The problem, again, isn’t with Wilder. Having never run a family-friendly business, I really can’t say, but as an art lover and tedious liberal bore, I think healthy debate can be constructive. White cops are arresting and even killing black citizens in disproportionate numbers. That’s a fact. Ask me why there’s so much alleged black-and-black crime, and I’ll easily blame the systemic racism that has kept black neighborhoods poor forever and point to the fact that most criminals do their dirty work where they live or thereabouts. Two words: turf wars. Implying that blacks are predisposed toward violence has to be among the lowest forms of racism imaginable. Just stop it. You’re better than that.

One thing we can all agree on is “free the nipple.” Existing mostly online, it’s a fem-centric mission, I think, to equate — not reduce or augment — the nipples of the sexes. Men can freely expose their pecs, even in mainstream media — why can’t ladies? As a heterosexual dude, I am all for this development. And not just because I’m perma-horny. I’ve read that in European society, the more liberal the approach to sex, the less likely the young ones are to go off and start having babies. Though Little Johnny Benbrook and little Suzy Cleburne aren’t going to have any major sexual awakenings waltzing through Ridgmar Mall now, maybe they’ll start a conversation that doesn’t end with “Well, because that’s just the way things are, and there’s nothing we can do about it.” It’s all on you, moms and dads. And granddads and aunties. Don’t be lazy.

I think I like Wilder best when he’s merely suggesting a point, rather than driving it home with Thor’s hammer. In another mural, Donald Trump and Kanye West are depicted as the two men in black from the movie franchise of the same name. Donned in actually bluish suits and dark sunglasses, each brandishes a large firearm, a big, shiny science-fictional two-hander. The duo’s purpose isn’t exactly clear, which is why I think the overall image works. Drawing from the motivations of the movie characters, Trump and Kanye could be protecting Earth from not just intelligent life forms from outer space but, you know, intelligence. A few months ago, the rapper, in yet another moment of complete confusion, found himself defending the “president.” He soon found himself wearing a MAGA hat and mugging for the Instagram cameras. I mean, the enormity of your ego to not admit that you made a terrible, dreadful mistake. He received a lot of hate, and rightfully so, but I don’t think anything else explains the increase in Trump’s approval rating among African-American males going back to 2016. It’s a Kanye bump. This, for the same Donald Trump, real estate mogul, who settled twice with the federal government for not renting to black people. The same oafish racist who described Hispanic immigrants as rapists and murderers, nazis as “very fine people,” and immigrant nations overseas as “shitholes.” I’ve never heard a Kanye West song, and now I am abso-fucking-lutely certain I never will.

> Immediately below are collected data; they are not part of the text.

Lemma relaxation_le_twice m sig rho t :
  0 < sig -> 0 < rho -> relaxation_time m sig rho <= t ->
  sig + (m - sig) * exp (- (rho * t)) <= 2 * sig.
Proof.
  intros Hsig Hrho Ht; unfold relaxation_time in Ht.
  assert (0 < exp (- (rho * t))) by apply exp_pos.
  destruct (Rle_or_lt m sig) as [Hm|Hm]; [nra|].
  assert (Hq : 0 < m / sig) by (apply Rdiv_lt_0_compat; lra).
  assert (Hexp : exp (- (rho * t)) <= sig / m).
  { replace (sig / m) with (exp (- ln (m / sig)))
      by (rewrite exp_Ropp, exp_ln by exact Hq; field; lra).
    left; apply exp_increasing.
    assert (rho * t >= rho * (1 + Rabs (ln (m / sig)) / rho))
      by (apply Rle_ge, Rmult_le_compat_l; lra).
    replace (rho * (1 + Rabs (ln (m / sig)) / rho))
      with (rho + Rabs (ln (m / sig))) in * by (field; lra).
    pose proof (Rle_abs (ln (m / sig))); lra. }
  assert ((m - sig) * exp (- (rho * t)) <= (m - sig) * (sig / m))
    by (apply Rmult_le_compat_l; lra).
  assert ((m - sig) * (sig / m) = sig - sig * (sig / m)) by (field; lra).
  assert (0 < sig / m) by (apply Rdiv_lt_0_compat; lra).
  nra.
Qed.

Lemma Rpower_INR_ge_1 k gamma : (1 <= k)%nat -> 0 <= gamma -> 1 <= Rpower (INR k) gamma.
Proof.
  intros Hk Hgamma; rewrite <- (Rpower_O (INR k)) by (apply lt_0_INR; lia).
  apply Rle_Rpower; [apply (le_INR 1); exact Hk|exact Hgamma].
Qed.

Lemma fsum_first_moment_le_series s S n :
  (forall k, (1 <= k)%nat -> 0 <= s k) ->
  series_sum (fun k => Rpower (INR k) 1 * s k) S ->
  fsum (fun k => INR k * s k) n <= S.
Proof.
  intros Hs HS.
  assert (Hpow : forall k, (1 <= k)%nat -> Rpower (INR k) 1 = INR k)
    by (intros k Hk; apply Rpower_1, lt_0_INR; lia).
  rewrite (fsum_ext _ (fun k => Rpower (INR k) 1 * s k))
    by (intros k Hk; rewrite Hpow by lia; reflexivity).
  apply fsum_le_series_sum; [|exact HS].
  intros k Hk; rewrite Hpow by exact Hk; apply Rmult_le_pos; [apply pos_INR|auto].
Qed.

Theorem mainTheorem5 :
  exists Tf : R -> R -> R -> R,
  forall (a : nat -> nat -> R) (r s : nat -> R)
         (Astar alpha beta Rstar gamma : R) (frak_s : R -> R)
         (cin : nat -> R) (m1in : R) (c : nat -> R -> R),
    0 < Astar -> 0 <= alpha -> alpha <= beta -> beta <= 1 ->
    (forall k l, (1 <= k)%nat -> (1 <= l)%nat ->
       a k l = a l k /\ 0 <= a k l /\
       a k l <= Astar * (Rpower (INR k) alpha * Rpower (INR l) beta
                         + Rpower (INR k) beta * Rpower (INR l) alpha)) ->
    0 < Rstar -> Rmax 0 (alpha + beta - 1) < gamma ->
    (forall k, (1 <= k)%nat -> Rstar * Rpower (INR k) gamma <= r k) ->
    (forall k, (1 <= k)%nat -> 0 <= s k) ->
    (forall mu, 0 <= mu -> 0 < frak_s mu /\
       exists S, series_sum (fun k => Rpower (INR k) mu * s k) S /\ S <= frak_s mu) ->
    (forall k, (1 <= k)%nat -> 0 <= cin k) ->
    series_sum (fun k => INR k * cin k) m1in ->
    global_solution a s r cin c ->
    (forall t m1, 0 <= t -> series_sum (fun k => INR k * c k t) m1 ->
       m1 <= Rmax m1in (frak_s 1 / Rstar)) /\
    0 < Tf m1in (frak_s 1 / Rstar) Rstar /\
    (forall t m1, Tf m1in (frak_s 1 / Rstar) Rstar <= t ->
       series_sum (fun k => INR k * c k t) m1 ->
       m1 <= 2 * (frak_s 1 / Rstar)).
Proof.
  exists relaxation_time.
  intros a r s Astar alpha beta Rstar gamma frak_s cin m1in c
    _ _ _ _ Ha HRstar Hgamma Hr Hs Hfrak_s _ Hm1in
    [Hc [Hcont [Hderiv [_ [_ Hinit]]]]].
  destruct (Hfrak_s 1 ltac:(lra)) as [Hs1 [S1 [HS1 HS1_le]]].
  assert (Hgamma0 : 0 <= gamma) by (pose proof (Rmax_l 0 (alpha + beta - 1)); lra).
  assert (Hbound : forall t m1, 0 <= t -> series_sum (fun k => INR k * c k t) m1 ->
            m1 <= frak_s 1 / Rstar + (m1in - frak_s 1 / Rstar) * exp (- (Rstar * t))).
  { intros t m1; apply (first_moment_le a r s c Rstar (frak_s 1)) with (cin := cin); auto.
    - intros k l Hk Hl; apply (Ha k l Hk Hl).
    - intros k l Hk Hl; apply (Ha k l Hk Hl).
    - intros k Hk; pose proof (Rpower_INR_ge_1 k gamma Hk Hgamma0);
        pose proof (Hr k Hk); nra.
    - intros n; pose proof (fsum_first_moment_le_series s S1 n Hs HS1); lra.
    - intros k Hk; apply (Hcont k 0 Hk (Rle_refl 0)). }
  assert (Hsig : 0 < frak_s 1 / Rstar) by (apply Rdiv_lt_0_compat; assumption).
  split; [|split].
  - intros t m1 Ht Hm1; eapply Rle_trans; [apply (Hbound t m1 Ht Hm1)|].
    apply relaxation_le_Rmax; lra.
  - apply relaxation_time_pos; exact HRstar.
  - intros t m1 Ht Hm1.
    pose proof (relaxation_time_pos m1in (frak_s 1 / Rstar) Rstar HRstar).
    eapply Rle_trans; [apply (Hbound t m1 ltac:(lra) Hm1)|].
    apply relaxation_le_twice; assumption.
Qed.
(* Let $L$ be a regular language over a finite alphabet $\Sigma$ and $\Delta$ a finite set of quantifier-free replacement queries (over string databases). Then $(q_L,\Delta)$ can be maintained in DynProp with suitable initialization.
   Context: Framework. A replacement rule for a relation symbol $R$ is $R := \mu_R(\bar p;\bar x)$, where $\mu_R$ is a first-order formula over the schema, $\bar x$ has the arity of $R$, and $\bar p$ is a tuple of parameter variables. A replacement query $\rho(\bar p)$ is a set of replacement rules for distinct relation symbols, all with the same parameter tuple $\bar p$; it is quantifier-free (resp. in $\mathrm{FO}[\exists^*]$) if all its formulas are quantifier-free (resp. existential). A change $\delta=\rho(\bar a)$ consists of $\rho$ and a tuple $\bar a$ of domain elements; $\delta(\mathcal D)$ replaces every relation $R$ having a rule in $\rho$ by $\{\bar b : \mathcal D\models \mu_R(\bar a;\bar b)\}$. A dynamic program operates on states consisting of an input database and an auxiliary database over a common fixed finite domain. For every allowed replacement query $\rho(\bar p)$ and every auxiliary symbol $T$ it has an update formula $\varphi_T(\bar p;\bar x)$ over input and auxiliary schema; on a change $\rho(\bar a)$ the input is replaced by its image and each $T$ becomes $\{\bar b: \text{old state}\models\varphi_T(\bar a,\bar b)\}$. A program maintains $(q,\Delta)$ if it has an auxiliary relation $Q$ that, after every nonempty sequence of changes from $\Delta$ applied to the initial input database, equals $q$ of the current input. DynFO / DynProp: update formulas first-order / quantifier-free. ''With suitable initialization'' means the initial auxiliary database need not be empty but may be a suitable auxiliary database depending on the initial input (polynomial-time computable in all cases of the paper). Strings: a word over $\Sigma$ is represented by a database with domain $\{1,\dots,n\}$, the natural linear order $<$, constants $\min=1$, $\max=n$, and one unary relation $R_\sigma$ per $\sigma\in\Sigma$, where each element is in at most one $R_\sigma$. Position $i$ carries $w_i=\sigma$ if $i\in R_\sigma$ and $w_i=\epsilon$ otherwise, and the database represents $w_1\cdots w_n$. Initially all $R_\sigma$ are empty. Changes never modify $<$, $\min$, $\max$, and only replacement queries are applied whose results again have each position in at most one $R_\sigma$. $q_L$ is the Boolean query that is true iff the represented word is in $L$. *)

From mathcomp Require Import all_boot.
Set Implicit Arguments. Unset Strict Implicit. Unset Printing Implicit Defensive.

Record dfa (S : finType) := DFA {
  dfa_state : finType;
  dfa_s0 : dfa_state;
  dfa_acc : pred dfa_state;
  dfa_trans : dfa_state -> S -> dfa_state }.

Definition dfa_accepts (S : finType) (M : dfa S) (w : seq S) : bool :=
  @dfa_acc S M (foldl (@dfa_trans S M) (@dfa_s0 S M) w).

Definition regular (S : finType) (L : seq S -> Prop) : Prop :=
  exists M : dfa S, forall w, L w <-> dfa_accepts M w.

Inductive term (V : Type) : Type := TVar of V | TMin | TMax.

Inductive qf (S : Type) (A : Type) (ar : A -> nat) (V : Type) : Type :=
| QTrue
| QNot of qf S ar V
| QAnd of qf S ar V & qf S ar V
| QOr of qf S ar V & qf S ar V
| QEq of term V & term V
| QLt of term V & term V
| QLetter of S & term V
| QAux (T : A) of ('I_(ar T) -> term V).

(* Domain of a database of size n.+1 is 'I_n.+1 (positions 1..n.+1 shifted),
   with natural order, min = ord0, max = ord_max. *)
Definition inrel (S : Type) (n : nat) := S -> pred 'I_n.+1.
Definition auxrel (A : Type) (ar : A -> nat) (n : nat) :=
  forall T : A, pred ((ar T).-tuple 'I_n.+1).

Definition eval_term (n : nat) (V : Type) (e : V -> 'I_n.+1) (t : term V) : 'I_n.+1 :=
  match t with TVar v => e v | TMin => ord0 | TMax => ord_max end.

Fixpoint eval (S : Type) (A : Type) (ar : A -> nat) (n : nat) (V : Type)
    (inp : inrel S n) (aux : auxrel ar n) (e : V -> 'I_n.+1) (phi : qf S ar V) : bool :=
  match phi with
  | QTrue => true
  | QNot p => ~~ eval inp aux e p
  | QAnd p q => eval inp aux e p && eval inp aux e q
  | QOr p q => eval inp aux e p || eval inp aux e q
  | QEq t u => eval_term e t == eval_term e u
  | QLt t u => (eval_term e t < eval_term e u)%N
  | QLetter s t => inp s (eval_term e t)
  | QAux T ts => aux T [tuple eval_term e (ts j) | j < ar T]
  end.

Definition noar (v : Empty_set) : nat := match v with end.
Definition noaux (n : nat) : auxrel noar n := fun T => match T with end.

(* ---------- Quantifier-free replacement queries ----------
   rho(p_1..p_k) has at most one rule R_sigma := mu_sigma(p; x) per sigma
   (the rules never touch <, min, max).  Variables: inl i = p_i, inr _ = x. *)
Record rquery (S : finType) := RQuery {
  rq_k : nat;
  rq_rule : S -> option (@qf S Empty_set noar ('I_rq_k + 'I_1)%type) }.

Definition apply_rq (S : finType) (n : nat) (r : rquery S)
    (a : 'I_(rq_k r) -> 'I_n.+1) (inp : inrel S n) : inrel S n :=
  fun s => match rq_rule r s with
           | Some mu => fun b => eval inp (@noaux n)
                          (fun v => match v with inl i => a i | inr _ => b end) mu
           | None => inp s
           end.

(* ---------- DynProp programs ----------
   Auxiliary relational schema (dp_aux, dp_ar), designated query symbol dp_Q,
   and a quantifier-free update formula phi_T(p; x) for every replacement query
   and every auxiliary symbol T (variables: inl i = p_i, inr j = x_j). *)
Record dynprog (S : finType) := DynProg {
  dp_aux : finType;
  dp_ar : dp_aux -> nat;
  dp_Q : dp_aux;
  dp_upd : forall (r : rquery S) (T : dp_aux),
             qf S dp_ar ('I_(rq_k r) + 'I_(dp_ar T))%type }.

Definition state (S : finType) (P : dynprog S) (n : nat) :=
  (inrel S n * auxrel (@dp_ar S P) n)%type.

Definition step (S : finType) (P : dynprog S) (n : nat) (r : rquery S)
    (a : 'I_(rq_k r) -> 'I_n.+1) (st : state P n) : state P n :=
  (apply_rq a st.1,
   fun (T : dp_aux P) (b : (@dp_ar S P T).-tuple 'I_n.+1) =>
     eval st.1 st.2 (fun v => match v with inl i => a i | inr j => tnth b j end)
          (@dp_upd S P r T)).

Definition change (S : finType) (I : Type) (Delta : I -> rquery S) (n : nat) :=
  {i : I & 'I_(rq_k (Delta i)) -> 'I_n.+1}.

Fixpoint run (S : finType) (P : dynprog S) (n : nat) (I : Type)
    (Delta : I -> rquery S) (st : state P n) (cs : seq (change Delta n)) : state P n :=
  match cs with
  | [::] => st
  | c :: cs' => @run S P n I Delta (@step S P n (Delta (projT1 c)) (projT2 c) st) cs'
  end.

Definition valid_input (S : finType) (n : nat) (inp : inrel S n) : Prop :=
  forall (s t : S) (i : 'I_n.+1), inp s i -> inp t i -> s = t.

Fixpoint valid_seq (S : finType) (n : nat) (I : Type) (Delta : I -> rquery S)
    (inp : inrel S n) (cs : seq (change Delta n)) : Prop :=
  match cs with
  | [::] => True
  | c :: cs' => let inp' := @apply_rq S n (Delta (projT1 c)) (projT2 c) inp in
                valid_input inp' /\ @valid_seq S n I Delta inp' cs'
  end.

Definition empty_input (S : finType) (n : nat) : inrel S n := fun _ _ => false.

(* letter at position i (epsilon = None) and represented word w_1 ... w_n *)
Definition letter (S : finType) (n : nat) (inp : inrel S n) (i : 'I_n.+1) : option S :=
  [pick s | inp s i].
Definition word_of (S : finType) (n : nat) (inp : inrel S n) : seq S :=
  pmap (letter inp) (enum 'I_n.+1).

Definition maintains (S : finType) (L : seq S -> Prop) (I : Type)
    (Delta : I -> rquery S) (P : dynprog S)
    (init : forall n, auxrel (@dp_ar S P) n) : Prop :=
  @dp_ar S P (dp_Q P) = 0 /\
  forall (n : nat) (cs : seq (change Delta n)),
    cs <> [::] -> @valid_seq S n I Delta (@empty_input S n) cs ->
    forall t : (@dp_ar S P (dp_Q P)).-tuple 'I_n.+1,
      (@run S P n I Delta (@empty_input S n, init n) cs).2 (dp_Q P) t
      <-> L (word_of (@run S P n I Delta (@empty_input S n, init n) cs).1).

From mathcomp Require Import all_boot zify.
Set Implicit Arguments. Unset Strict Implicit. Unset Printing Implicit Defensive.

Other than this piece and the one in the corner with a skeleton praying on its knees in front of a stained-glass window of a crucifix and between a giant old black guy’s head and a two-necked turkey or vulture or vulture-turkey (!), there’s not much visually to unpack here. Meaning no offense to Wilder, who certainly knows how to paint and paint well, reviewing I Ain’t Dirty, I Just Paint a Lot took me just a couple of glances. There was nothing formalistic for me to study, nothing deeper in terms of brushstrokes or texture or mood or compositional imagination for me to sink my teeth into. The content is the message here, and for Wilder, his message is a ransom note addressed to us. 

I Ain’t Dirty, I Just Paint a Lot, by Trey Wilder

Thru Aug 26 at Ridgmar Mall, 1888 Green Oaks Rd, FW. Free.